Quantitative simulation of wave propagation in a human leg to support the ultrasonic noninvasive assessment of human bones

This paper presents a dedicated Finite Element approach for quantitative time-transient simulations of stress and pressure waves propagation in biological structures as human bones. The tool, starting from a magnetic resonance image (MRI) as the one of a human leg, builds a three-dimensional finite element (FE) mesh by converting voxels into elements.

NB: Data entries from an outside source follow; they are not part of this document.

(* Let $\alpha>0$, $\beta>0$, $K\ge1$, $A\ge1$, $\eta>0$, $s\in(0,1)$ and $\delta\in(0,1)$. Let $(\nu_\omega)_{\omega\in\Omega}$ be a $(\delta,\alpha,K)$-Furstenberg tuple such that $\Omega$ satisfies the Frostman condition \[ |\Omega\cap B_r|\le A\,r^\beta|\Omega|\quad\text{for every ball }B_r\subset\mathbb{R}^2\text{ of radius } r\in[\delta,1]. \] Write $E_\omega=\operatorname{supp}(\nu_\omega)$, $E=\bigcup_{\omega\in\Omega}E_\omega$, and assume $\mathcal{N}_{\delta^s}(E)\le(\delta^s)^{-\alpha-\beta/2-\eta}$. Let $\Lambda$ be a maximal $\delta^s$-separated subset of $\Omega$ and for $\lambda\in\Lambda$ put $\Omega_\lambda=\Omega\cap B^2(\lambda,\delta^s)$. Then there is a set $\Lambda'\subset\Lambda$ such that \[ |\Lambda'|\ \ge\ c\,(\delta^s)^{-\beta} \qquad\text{and}\qquad |\Omega_\lambda|\ \ge\ c\,(\delta^s)^{\beta+2\eta}|\Omega|\ \text{ for all }\lambda\in\Lambda', \] where $c>0$ depends only on $K,\alpha,\beta$ and $A$.
   Context: $B^d(x,r)$ denotes the open ball of centre $x$ and radius $r$ in $\mathbb{R}^d$, $B^d=B^d(0,1)$, and $B_r$ an arbitrary ball of radius $r$. A probability measure $\mu$ on $B^1=(-1,1)$ is a $(\delta,\alpha,K)$-measure if $\mu(B_r)\le Kr^\alpha$ for every ball $B_r$ of radius $r\in[\delta,1]$. For $\omega=(a,b)\in\mathbb{R}^2$, $L_\omega(t)=at+b$, and $L_\omega$ also denotes the line $\{(t,y):y=at+b\}$. A family $(\nu_\omega)_{\omega\in\Omega}$ is a $(\delta,\alpha,K)$-Furstenberg tuple if $\Omega\subset B^2$ is a $\delta$-separated set and, for each $\omega\in\Omega$, there is a $(\delta,\alpha,K)$-measure $\nu'_\omega$ with $\nu_\omega$ equal to the push-forward of $\nu'_\omega$ under the map $x\mapsto(x,L_\omega(x))$. $\mathcal{N}_r(A)$ denotes the smallest number of balls of radius $r$ needed to cover $A$; $|\cdot|$ denotes cardinality. *)

From HB Require Import structures.
From mathcomp Require Import all_boot all_order all_algebra.
From mathcomp Require Import finmap.
From mathcomp Require Import all_classical all_reals all_analysis.
Set Implicit Arguments. Unset Strict Implicit. Unset Printing Implicit Defensive.
Import Order.TTheory GRing.Theory Num.Theory.
Local Open Scope classical_set_scope.
Local Open Scope ring_scope.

This step does not require any segmentation or further geometric interpretation of the tissue structure, only the mechanical properties have to be provided via Hounsfield (HU) number density mapping. The proposed tool improves upon the usually adopted models taking into account the irregular geometry of the bone as well as the soft tissues and their damping role, typically neglected. The tool code can handle models of hundred millions of elements in a standard PC desktop, exceeding thus capabilities of commercially available FEM codes. Here, an application on a human leg is proposed to show the potential of the proposed tool. The results of the time-transient simulations are next exploited to validate the use of guided waves models for the non invasive ultrasonic diagnosis of elongated bones. In particular, the recorded time-waveforms are analyzed via the 2D Fast Fourier Transform and the frequency-wavenumber energy content of the propagating waves is extracted. Such information is compared with the guided waves dispersion curves predicted, considering a representative cross-section of the tibia, via a Semi Analytical Finite Element (SAFE) formulation. Some final considerations on the comparison of the extracted and predicted dispersion curves close the paper.